What you are asked to do:
Every entry below is to be copied exactly, with nothing left out.

--

(* Let $\mathcal{G}$ be a class of graphs of unbounded average degree, and let $\mathcal{A}$ be the class of all (unweighted) orientations of graphs in $\mathcal{G}$. Then $\mathcal{A}$ is not size-pliable.
   Context: An orientation of a graph is viewed as a structure over the signature $\{e\}$ with one binary symbol, where $e^{\mathbb{A}}(u,v)=1$ if $u\to v$ is an arc and $0$ otherwise. For structures $\mathbb{A},\mathbb{B}$ over a signature $\sigma$ (finite domain with functions $f^{\mathbb{A}}\colon A^{\mathrm{ar}(f)}\to\mathbb{Q}_{\ge0}$), $\mathrm{opt}(\mathbb{A},\mathbb{B})=\max_{h\colon A\to B}\sum_f\sum_{\bar x}f^{\mathbb{A}}(\bar x)f^{\mathbb{B}}(h(\bar x))$ over all maps, and $d_{\mathrm{opt}}(\mathbb{A},\mathbb{B})=\sup_{\mathbb{C}}|\ln\mathrm{opt}(\mathbb{A},\mathbb{C})-\ln\mathrm{opt}(\mathbb{B},\mathbb{C})|$ over all $\sigma$-structures $\mathbb{C}$ ($\ln0=-\infty$, $|\ln0-\ln0|=0$). A class $\mathcal{A}$ is size-pliable if for every $\varepsilon>0$ there is $k$ such that every $\mathbb{A}\in\mathcal{A}$ (signature $\sigma$) has a $\sigma$-structure $\mathbb{B}$ with domain of size at most $k$ and $d_{\mathrm{opt}}(\mathbb{A},\mathbb{B})\le\varepsilon$. *)

From HB Require Import structures.
From mathcomp Require Import all_boot all_order all_algebra.
From mathcomp Require Import boolp classical_sets reals constructive_ereal ereal exp.
Set Implicit Arguments. Unset Strict Implicit. Unset Printing Implicit Defensive.
Import Order.TTheory GRing.Theory Num.Theory.
Local Open Scope ring_scope.

(* A structure over the signature {e} (one binary symbol): a finite domain
   and a nonnegative rational-valued binary function e. *)
Record estructure := EStructure {
  sdom : finType;
  srel : sdom -> sdom -> rat;
  srel_ge0 : forall x y, 0 <= srel x y }.

Definition hom_value (A B : estructure) (h : {ffun sdom A -> sdom B}) : rat :=
  \sum_(x : sdom A) \sum_(y : sdom A) srel x y * srel (h x) (h y).

(* opt(A,B) = max over all maps A -> B (all values are >= 0, so the
   default 0 of the big max is harmless; it is only reached if no map exists). *)
Definition opt (A B : estructure) : rat :=
  \big[Num.max/0]_(h : {ffun sdom A -> sdom B}) hom_value h.

(* |ln a - ln b| with ln 0 = -oo, |ln 0 - ln 0| = 0, for a, b >= 0 *)
Definition ln_dist (R : realType) (a b : rat) : \bar R :=
  if (a == 0) && (b == 0) then 0%E
  else if (a == 0) || (b == 0) then +oo%E
  else (`| ln (ratr a : R) - ln (ratr b) |)%:E.

Definition d_opt (R : realType) (A B : estructure) : \bar R :=
  ereal_sup [set r | exists C : estructure, r = ln_dist R (opt A C) (opt B C)].

Definition size_pliable (R : realType) (cls : estructure -> Prop) : Prop :=
  forall eps : R, 0 < eps -> exists k : nat, forall A, cls A ->
    exists B : estructure, (#|sdom B| <= k)%N /\ (d_opt R A B <= eps%:E)%E.

Record graph := Graph {
  gV : finType;
  gE : rel gV;
  gE_sym : symmetric gE;
  gE_irrefl : irreflexive gE }.

Definition avg_degree (G : graph) : rat :=
  (\sum_(v : gV G) #|[set u | @gE G v u]|)%:R / #|gV G|%:R.

Definition unbounded_avg_degree (cls : graph -> Prop) : Prop :=
  forall d : rat, exists G, cls G /\ d < avg_degree G.

Definition is_orientation (G : graph) (o : rel (gV G)) : Prop :=
  (forall u v, o u v -> @gE G u v) /\
  (forall u v, @gE G u v -> o u v (+) o v u).

Lemma orient_rel_ge0 (G : graph) (o : rel (gV G)) (x y : gV G) :
  0 <= (if o x y then 1 else 0 : rat).
Proof. by case: (o x y). Qed.

Definition orient_struct (G : graph) (o : rel (gV G)) : estructure :=
  @EStructure (gV G) (fun x y => if o x y then 1 else 0) (orient_rel_ge0 o).

Definition orientations_of (cls : graph -> Prop) : estructure -> Prop :=
  fun A => exists G : graph, cls G /\ exists o : rel (gV G),
    is_orientation o /\ A = orient_struct o.

From HB Require Import structures.
From mathcomp Require Import all_boot all_order all_algebra.
From mathcomp Require Import boolp classical_sets reals constructive_ereal ereal exp.
From mathcomp Require Import sequences zify lra.
Set Implicit Arguments. Unset Strict Implicit. Unset Printing Implicit Defensive.
Import Order.TTheory GRing.Theory Num.Theory.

--

Response to the exercise:
(* Let $\mathcal{G}$ be a class of graphs of unbounded average degree, and let $\mathcal{A}$ be the class of all (unweighted) orientations of graphs in $\mathcal{G}$. Then $\mathcal{A}$ is not size-pliable.
   Context: An orientation of a graph is viewed as a structure over the signature $\{e\}$ with one binary symbol, where $e^{\mathbb{A}}(u,v)=1$ if $u\to v$ is an arc and $0$ otherwise. For structures $\mathbb{A},\mathbb{B}$ over a signature $\sigma$ (finite domain with functions $f^{\mathbb{A}}\colon A^{\mathrm{ar}(f)}\to\mathbb{Q}_{\ge0}$), $\mathrm{opt}(\mathbb{A},\mathbb{B})=\max_{h\colon A\to B}\sum_f\sum_{\bar x}f^{\mathbb{A}}(\bar x)f^{\mathbb{B}}(h(\bar x))$ over all maps, and $d_{\mathrm{opt}}(\mathbb{A},\mathbb{B})=\sup_{\mathbb{C}}|\ln\mathrm{opt}(\mathbb{A},\mathbb{C})-\ln\mathrm{opt}(\mathbb{B},\mathbb{C})|$ over all $\sigma$-structures $\mathbb{C}$ ($\ln0=-\infty$, $|\ln0-\ln0|=0$). A class $\mathcal{A}$ is size-pliable if for every $\varepsilon>0$ there is $k$ such that every $\mathbb{A}\in\mathcal{A}$ (signature $\sigma$) has a $\sigma$-structure $\mathbb{B}$ with domain of size at most $k$ and $d_{\mathrm{opt}}(\mathbb{A},\mathbb{B})\le\varepsilon$. *)

From HB Require Import structures.
From mathcomp Require Import all_boot all_order all_algebra.
From mathcomp Require Import boolp classical_sets reals constructive_ereal ereal exp.
Set Implicit Arguments. Unset Strict Implicit. Unset Printing Implicit Defensive.
Import Order.TTheory GRing.Theory Num.Theory.
Local Open Scope ring_scope.

(* A structure over the signature {e} (one binary symbol): a finite domain
   and a nonnegative rational-valued binary function e. *)
Record estructure := EStructure {
  sdom : finType;
  srel : sdom -> sdom -> rat;
  srel_ge0 : forall x y, 0 <= srel x y }.

Definition hom_value (A B : estructure) (h : {ffun sdom A -> sdom B}) : rat :=
  \sum_(x : sdom A) \sum_(y : sdom A) srel x y * srel (h x) (h y).

(* opt(A,B) = max over all maps A -> B (all values are >= 0, so the
   default 0 of the big max is harmless; it is only reached if no map exists). *)
Definition opt (A B : estructure) : rat :=
  \big[Num.max/0]_(h : {ffun sdom A -> sdom B}) hom_value h.

(* |ln a - ln b| with ln 0 = -oo, |ln 0 - ln 0| = 0, for a, b >= 0 *)
Definition ln_dist (R : realType) (a b : rat) : \bar R :=
  if (a == 0) && (b == 0) then 0%E
  else if (a == 0) || (b == 0) then +oo%E
  else (`| ln (ratr a : R) - ln (ratr b) |)%:E.

Definition d_opt (R : realType) (A B : estructure) : \bar R :=
  ereal_sup [set r | exists C : estructure, r = ln_dist R (opt A C) (opt B C)].

Definition size_pliable (R : realType) (cls : estructure -> Prop) : Prop :=
  forall eps : R, 0 < eps -> exists k : nat, forall A, cls A ->
    exists B : estructure, (#|sdom B| <= k)%N /\ (d_opt R A B <= eps%:E)%E.

Record graph := Graph {
  gV : finType;
  gE : rel gV;
  gE_sym : symmetric gE;
  gE_irrefl : irreflexive gE }.

Definition avg_degree (G : graph) : rat :=
  (\sum_(v : gV G) #|[set u | @gE G v u]|)%:R / #|gV G|%:R.

Definition unbounded_avg_degree (cls : graph -> Prop) : Prop :=
  forall d : rat, exists G, cls G /\ d < avg_degree G.

Definition is_orientation (G : graph) (o : rel (gV G)) : Prop :=
  (forall u v, o u v -> @gE G u v) /\
  (forall u v, @gE G u v -> o u v (+) o v u).

Lemma orient_rel_ge0 (G : graph) (o : rel (gV G)) (x y : gV G) :
  0 <= (if o x y then 1 else 0 : rat).
Proof. by case: (o x y). Qed.

Definition orient_struct (G : graph) (o : rel (gV G)) : estructure :=
  @EStructure (gV G) (fun x y => if o x y then 1 else 0) (orient_rel_ge0 o).

Definition orientations_of (cls : graph -> Prop) : estructure -> Prop :=
  fun A => exists G : graph, cls G /\ exists o : rel (gV G),
    is_orientation o /\ A = orient_struct o.

From HB Require Import structures.
From mathcomp Require Import all_boot all_order all_algebra.
From mathcomp Require Import boolp classical_sets reals constructive_ereal ereal exp.
From mathcomp Require Import sequences zify lra.
Set Implicit Arguments. Unset Strict Implicit. Unset Printing Implicit Defensive.
Import Order.TTheory GRing.Theory Num.Theory.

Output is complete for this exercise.